Fix quadratic behavior of repeated vectored writes
Some implementations of `Write::write_vectored` in the standard library (`BufWriter`, `LineWriter`, `Stdout`, `Stderr`) check all buffers to calculate the total length. This is O(n) over the number of buffers.
It's common that only a limited number of buffers is written at a time (e.g. 1024 for `writev(2)`). `write_vectored_all` will then call `write_vectored` repeatedly, leading to a runtime of O(n²) over the number of buffers.
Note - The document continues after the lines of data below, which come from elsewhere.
Lemma mxrank_deg_proj_compl a : (a <= s)%N ->
  \rank (deg_proj (s - a)%N) = \rank (deg_proj a).
Proof.
move=> le_as; rewrite -[RHS](mxrank_conj_perm cmon_perm); congr (\rank _).
apply/matrixP => p q; rewrite !mxE !permE (inj_eq (can_inj cmonK)) mdeg_mon_cmon.
have := mdeg_mon_le p; case: (p == q) => //= le_ps.
by congr (_%:R *+ _); apply/eqP/eqP; lia.
Qed.

Lemma mxrank_deg_proj_lsum_mx_dual a j : (a + j <= s)%N ->
  \rank (deg_proj a *m lsum_mx j) = \rank (deg_proj (s - a - j)%N *m lsum_mx j).
Proof.
move=> le_s; rewrite -mxrank_tr -[RHS](mxrank_conj_perm cmon_perm); congr (\rank _).
apply/matrixP => q p; rewrite [LHS]mxE [RHS]mxE !permE !deg_proj_lsum_mxE.
rewrite lsum_mx_cmon !mdeg_mon_cmon; congr (_%:R * _).
have := mdeg_mon_le p; have := mdeg_mon_le q.
by rewrite andbC => le_qs le_ps; congr (_ && _); apply/eqP/eqP; lia.
Qed.

Section CharZero.
Hypothesis char0 : [pchar k] =i pred0.

Lemma mxrank_deg_proj_lsum_mx a j : (2 * a + j <= s)%N ->
  \rank (deg_proj a *m lsum_mx j) = \rank (deg_proj a).
Proof.
move=> le_s; have := mxrank_mul_ker (deg_proj a) (lsum_mx j).
suff -> : (deg_proj a :&: kermx (lsum_mx j))%MS = 0 by rewrite mxrank0 addn0.
apply/row_matrixP => i; rewrite row0; set v := row i _.
have v_cap : (v <= deg_proj a :&: kermx (lsum_mx j))%MS by exact: row_sub.
have /submxP [w vw] := submx_trans v_cap (capmxSl _ _).
have /sub_kermxP v_ker := submx_trans v_cap (capmxSr _ _).
have homog_v : homog_deg a (poly_of_row v).
  by apply: homog_poly_of_row; rewrite vw -mulmxA deg_projK.
have /in_powideal_monP Iv : I (poly_of_row v).
  apply: (lsum_injective char0 homog_v le_s); apply/in_powideal_monP => q.
  by rewrite mcoeff_poly_of_row_lsumX v_ker mxE.
by apply/rowP => q; rewrite -mcoeff_poly_of_row Iv mxE.
Qed.

Theorem lsum_surjective a j g : (s <= 2 * a + j)%N -> homog_deg (a + j) g ->
  exists f, homog_deg a f /\ I (g - f * ell ^+ j).
Proof.
move=> ge_s /homog_degP hg; have [le_s|gt_s] := leqP (a + j) s; last first.
  exists 0; split; first exact: dhomog0.
  rewrite mul0r subr0; apply/in_powideal_monP => q; rewrite hg //.
  by apply: contraTneq (mdeg_mon_le q) => ->; rewrite -ltnNge.
pose M := deg_proj a *m lsum_mx j.
have rank_M : \rank M = \rank (deg_proj (a + j)%N).
  rewrite mxrank_deg_proj_lsum_mx_dual // mxrank_deg_proj_lsum_mx; last lia.
  by rewrite -subnDA mxrank_deg_proj_compl.
have M_sub : (M <= deg_proj (a + j)%N)%MS by rewrite /M -deg_proj_lsum_mxK submxMl.
have /andP [_ sub_M] : (M == deg_proj (a + j)%N)%MS.
  by rewrite -(mxrank_leqif_eq M_sub).2 rank_M.
pose v := \row_q g@_(mon q).
have /submxP [w vw] : (v <= M)%MS.
  apply: submx_trans sub_M; suff <- : v *m deg_proj (a + j)%N = v by exact: submxMl.
  apply/rowP => q; rewrite mul_deg_proj mxE.
  by have [_|ne] := eqVneq (mdeg (mon q)) (a + j)%N; rewrite ?mulr1 // mulr0 hg.
exists (poly_of_row (w *m deg_proj a)); split.
  by apply: homog_poly_of_row; rewrite -mulmxA deg_projK.
apply/in_powideal_monP => q.
by rewrite mcoeffB mcoeff_poly_of_row_lsumX -mulmxA -/M -vw mxE subrr.
Qed.
Lemma tree_pendants_nonadj A l w : conn_in e A -> 2 < #|A| ->
  l \in A -> w \in A -> deg_in e A l <= 1 -> deg_in e A w <= 1 -> ~~ e l w.
Proof.
move=> connA gt2 lA wA deg_l deg_w; apply/negP=> elw.
have /subsetPn[z zA zlw] : ~~ (A \subset [set l; w]).
  apply: contraTN gt2 => /subset_leq_card; rewrite cards2 -leqNgt.
  by case: (l != w) => /= ?; lia.
have lS : l \notin ~: [set l; w] by rewrite !inE eqxx.
have zS : z \in ~: [set l; w] by rewrite inE.
have [a [b [alw blw /and3P[_ bA eab]]]] :=
  connect_cross (connA l z lA zA) lS zS.
have ewl : e w l by rewrite sym_e.
move: blw eab; rewrite !inE negb_or => /andP[bl bw].
move: alw; rewrite !inE negbK => /orP[] /eqP-> eab.
- by rewrite (deg_le1_nbr_eq deg_l bA wA eab elw) eqxx in bw.
- by rewrite (deg_le1_nbr_eq deg_w bA lA eab ewl) eqxx in bl.
Qed.

Lemma conn_in_remove_pendants A R : R \subset A ->
  {in A, forall v, v \notin R -> deg_in e A v <= 1} ->
  conn_in e A -> conn_in e R.
Proof.
move=> /subsetP sRA pendant connA x y xR yR.
have [p pth [up lp]] := connect_uniq (connA x y (sRA x xR) (sRA y yR)).
rewrite -lp in yR *; clear lp.
elim: p x xR pth up yR => [|z p IHp] x xR; first by rewrite connect0.
move=> /= /andP[/and3P[xA zA exz] pth] /andP[xn up] lR.
have zR : z \in R.
  case: p pth xn up lR {IHp} => [//| z' p] /=.
  move=> /andP[/and3P[_ z'A ezz'] _] xn _ _.
  apply/negPn/(contra (pendant z zA)); rewrite -ltnNge.
  apply/card_gt1P; exists x, z'; rewrite !inE xA z'A ezz' sym_e exz.
  by move: xn; rewrite !inE negb_or => /andP[_ /norP[]].
apply: connect_trans (IHp z zR pth up lR).
by apply: connect1; rewrite /restrict xR zR.
Qed.

Lemma simple_path_head_nbr A u t z : acyclic_in e A -> simple_path A (u :: t) ->
  z \in t -> e u z -> z = head u t.
Proof.
move=> acA sp zt euz; have zs : z \in u :: t by rewrite inE zt orbT.
have zi : index z (u :: t) < size (u :: t) by rewrite index_mem.
have := simple_path_edgeE u acA sp (ltn0Sn _) zi.
rewrite nth_index // [nth _ _ 0]/= euz => /esym/orP[/eqP k1|//].
by rewrite -(nth_index u zs) -k1 /= nth0.
Qed.

Lemma tree_escape_to_leaf A u v : acyclic_in e A -> conn_in e A ->
  u \in A -> v \in A -> v \notin cnbhd e u ->
  exists l, [/\ leaf_in e A l, l \notin cnbhd e u &
                 connect (restrict e (~: cnbhd e u)) v l].
Proof.
move=> acA connA uA vA vn.
have [p + [up lp]] := connect_uniq (connA u v uA vA).
rewrite restrict_pathE // => /andP[pth pA].
have [r spr maxr] : exists2 r, simple_path A (u :: p ++ r) &
    {in A, forall z, e (last u (p ++ r)) z -> z \in u :: p ++ r}.
  by apply: simple_path_extend; rewrite /simple_path up /= pth uA.
have p_nil : p != [::] by apply: contraNneq vn => p0; rewrite -lp p0 inE eqxx.
have {}up : uniq (u :: p ++ r) by case/and3P: spr.
have out z : z \in v :: r -> z \notin cnbhd e u.
  have vp : v \in p.
    by rewrite -lp; case: (p) p_nil => // a q _; apply: (mem_last a q).
  move=> zvr; have zt : z \in p ++ r.
    by move: zvr; rewrite inE mem_cat => /orP[/eqP->|->]; rewrite ?vp ?orbT.
  rewrite inE negb_or; apply/andP; split.
    by apply: contraTneq zt => ->; move: up; rewrite cons_uniq => /andP[].
  apply/negP=> euz; have zh := simple_path_head_nbr acA spr zt euz.
  move: zvr; rewrite inE => /orP[/eqP zv | zr].
    by move: vn; rewrite -zv inE euz orbT.
  move: up; rewrite cons_uniq cat_uniq.
  move=> /andP[_ /and3P[_ /hasPn/(_ z zr) + _]].
  by rewrite zh; case: (p) p_nil => // a q _; rewrite /= inE eqxx.
have {}pth : path e v r.
  by case/and3P: spr => /=; rewrite cat_path lp => /andP[].
exists (last v r); split.
- have pr_nil : p ++ r != [::] by case: (p) p_nil.
  by have := simple_path_end_leaf acA spr pr_nil maxr; rewrite last_cat lp.
- exact/out/mem_last.
apply/connectP; exists r => //.
rewrite restrict_pathE; last by rewrite in_setC out ?mem_head.
rewrite pth; apply/allP=> z zr.
by rewrite [mem _ _]in_setC out // inE zr orbT.
Qed.

Lemma no_cutset_of_conn_out : (forall u, conn_in e (~: cnbhd e u)) ->
  ~ has_full_star_cutset e.
Proof.
by move=> conn_out [u [x [y [xn yn /negP[]]]]]; apply: conn_out; rewrite inE.
Qed.

Section Chandelier.
Variable c : V.
Hypothesis ch : chandelier e c.
Local Notation T := (~: [set c]).

Lemma chandelier_leafE v : v \in T -> e c v = leaf_in e T v.
Proof. by case: ch => _ _ _ ech; rewrite !inE; apply: ech. Qed.

Lemma chandelier_luxury_of_no_cutset :
  ~ has_full_star_cutset e -> luxury_chandelier e c.
Proof.
move=> nocut; split=> // l w leaf_l wT elw.
have [[_ [connT acT]] gt2 _ _] := ch.
have /andP[lT /eqP deg_l] := leaf_l.
case: (ltngtP (deg_in e T w) 2) => // [lt2 | gt2w].
  by rewrite (negbTE (tree_pendants_nonadj connT gt2 lT wT _ _)) ?deg_l in elw.
case: nocut; set S := [set y in T | e w y].
have lS : l \in S by rewrite inE lT sym_e.
have : 1 < #|S :\ l| by move: gt2w; rewrite /deg_in -/S (cardsD1 l S) lS.
case/card_gt1P=> a [b [aSl bSl neq_ab]].
case/setD1P: aSl => neq_al /setIdP[aT ewa].
case/setD1P: bSl => neq_bl /setIdP[bT ewb].
have ewl : e w l by rewrite sym_e.
rewrite eq_sym in neq_al; rewrite eq_sym in neq_bl.
apply: (star_cutset_at_branch acT wT lT aT bT ewl ewa ewb neq_al neq_bl neq_ab).
apply/subsetP=> z; rewrite !inE negb_or => /andP[neq_zl nelz].
apply/andP; split; first by apply: contraNneq nelz => ->.
by apply: contraNneq nelz => ->; rewrite sym_e chandelier_leafE.
Qed.

Lemma chandelier_conn_out_center : conn_in e (~: cnbhd e c).
Proof.
have [[_ [connT _]] _ _ _] := ch.
have -> : ~: cnbhd e c = [set v in T | ~~ leaf_in e T v].
  apply/setP=> v; rewrite !inE negb_or; have [->|vc] := eqVneq v c => //=.
  by rewrite chandelier_leafE // !inE vc.
apply: conn_in_remove_pendants connT.
  by apply/subsetP=> v; rewrite inE => /andP[].
by move=> v vT; rewrite inE vT negbK => /andP[_ /eqP->].
Qed.

Lemma luxury_conn_out_leaf u : luxury_chandelier e c -> leaf_in e T u ->
  conn_in e (~: cnbhd e u).
Proof.
case=> _ lux leaf_u; have [[_ [connT _]] _ _ _] := ch.
have /andP[uT /cards1P[w Nu]] := leaf_u.
have /setIdP[wT euw] : w \in [set y in T | e u y] by rewrite Nu set11.
have euc : e u c by rewrite sym_e chandelier_leafE.
have -> : ~: cnbhd e u = T :\ u :\ w.
  apply/setP=> v; rewrite !inE negb_or; have [->|vc] := eqVneq v c.
    by rewrite euc !andbF.
  have vT : v \in T by rewrite !inE vc.
  have -> : e u v = (v == w) by rewrite -in_set1 -Nu inE vT.
  by rewrite andbT andbC.
have pendant_u : {in T, forall v, v \notin T :\ u -> deg_in e T v <= 1}.
  move=> v vT; rewrite in_setD1 vT andbT negbK => /eqP->.
  by case/andP: leaf_u => _ /eqP->.
have connTu := conn_in_remove_pendants (subD1set _ _) pendant_u connT.
apply: conn_in_remove_pendants connTu.
  exact: subD1set.
move=> v vTu; rewrite in_setD1 vTu andbT negbK => /eqP->.
set S := [set y in T | e w y]; have uS : u \in S by rewrite inE uT sym_e.
have : #|S| = 2 by exact: lux leaf_u wT euw.
rewrite (cardsD1 u S) uS => -[<-]; apply/subset_leq_card/subsetP=> y.
by rewrite !inE => /andP[/andP[-> ->] ->].
Qed.

Lemma chandelier_conn_out_inner u : u != c -> ~~ leaf_in e T u ->
  conn_in e (~: cnbhd e u).
Proof.
move=> uc inner_u; have [[_ [connT acT]] _ _ _] := ch.
have uT : u \in T by rewrite !inE.
have cN : c \in ~: cnbhd e u.
  by rewrite !inE negb_or eq_sym uc sym_e chandelier_leafE.
have to_c v : v \in ~: cnbhd e u -> connect (restrict e (~: cnbhd e u)) v c.
  have [->|vc vN] := eqVneq v c; first by rewrite connect0.
  have vT : v \in T by rewrite !inE.
  have vN' : v \notin cnbhd e u by rewrite in_setC in vN.
  have [l [leaf_l lN conn_vl]] := tree_escape_to_leaf acT connT uT vT vN'.
  apply: connect_trans conn_vl (connect1 _).
  have lT : l \in T by case/andP: leaf_l.
  by rewrite /restrict inE lN cN sym_e chandelier_leafE.
move=> x y xN yN; apply: connect_trans (to_c x xN) _.
by rewrite (sym_connect_sym (restrict_sym _)) to_c.
Qed.

Lemma luxury_chandelier_no_cutset : luxury_chandelier e c ->
  ~ has_full_star_cutset e.
Proof.
move=> lux; apply: no_cutset_of_conn_out => u.
have [->|uc] := eqVneq u c; first exact: chandelier_conn_out_center.
have [leaf_u|inner_u] := boolP (leaf_in e T u).
  exact: luxury_conn_out_leaf.
exact: chandelier_conn_out_inner.
Qed.
End Chandelier.
End Graph.

Lemma path_le4_no_cutset (V : finType) (e : rel V) :
  is_path_le4 e -> ~ has_full_star_cutset e.
Proof.
case=> n [f [le_n4 [g fK gK] ef]] [u [x [y [+ + /negP[]]]]].
rewrite -(gK u) -(gK x) -(gK y); move: (g u) (g x) (g y) => i j k.
have inN a b :
    (f b \in cnbhd e (f a)) = [|| b == a :> nat, a.+1 == b | b.+1 == a].
  by rewrite inE ef (inj_eq (can_inj fK)).
rewrite !inN => jN kN.
have : [|| j == k :> nat, j.+1 == k | k.+1 == j].
  by move: (ltn_ord i) (ltn_ord j) (ltn_ord k) jN kN; lia.
case/or3P=> [/eqP/val_inj-> | adj | adj]; first exact: connect0.
all: apply: connect1; rewrite /restrict !in_setC !inN (negbTE jN) (negbTE kN).
all: by rewrite ef adj ?orbT.
Qed.

Theorem mainTheorem12 :
  (forall (V : finType) (e : rel V), symmetric e -> irreflexive e ->
     tree_in e [set: V] ->
     (~ has_full_star_cutset e <-> is_path_le4 e)) /\
  (forall (V : finType) (e : rel V) (c : V), symmetric e -> irreflexive e ->
     chandelier e c ->
     (~ has_full_star_cutset e <-> luxury_chandelier e c)).
Proof.
split=> [V e sym_e irr_e tree_e | V e c sym_e irr_e ch].
  split; [exact: tree_no_cutset_is_path | exact: path_le4_no_cutset].
split; first exact: chandelier_luxury_of_no_cutset.
exact: luxury_chandelier_no_cutset.
Qed.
This fix is to only calculate as much as needed if it's needed.
Here's a test program:
```rust
#![feature(write_all_vectored)]
use std::fs::File;
use std::io::{BufWriter, IoSlice, Write};
use std::time::Instant;
fn main() {
let buf = vec![b'\0'; 100_000_000];
let mut slices: Vec<IoSlice<'_>> = buf.chunks(100).map(IoSlice::new).collect();
let mut writer = BufWriter::new(File::create("/dev/null").unwrap());
let start = Instant::now();
write_smart(&slices, &mut writer);
println!("write_smart(): {:?}", start.elapsed());
let start = Instant::now();
writer.write_all_vectored(&mut slices).unwrap();
println!("write_all_vectored(): {:?}", start.elapsed());
}
fn write_smart(mut slices: &[IoSlice<'_>], writer: &mut impl Write) {
while !slices.is_empty() {
// Only try to write as many slices as can be written
let res = writer
.write_vectored(slices.get(..1024).unwrap_or(slices))
.unwrap();
slices = &slices[(res / 100)..];
}
}
```
Before this change:
```
write_smart(): 6.666952ms
write_all_vectored(): 498.437092ms
```
After this change:
```
write_smart(): 6.377158ms
write_all_vectored(): 6.923412ms
```
`LineWriter` (and by extension `Stdout`) isn't fully repaired by this because it looks for newlines. I could open an issue for that after this is merged, I think it's fixable but not trivially.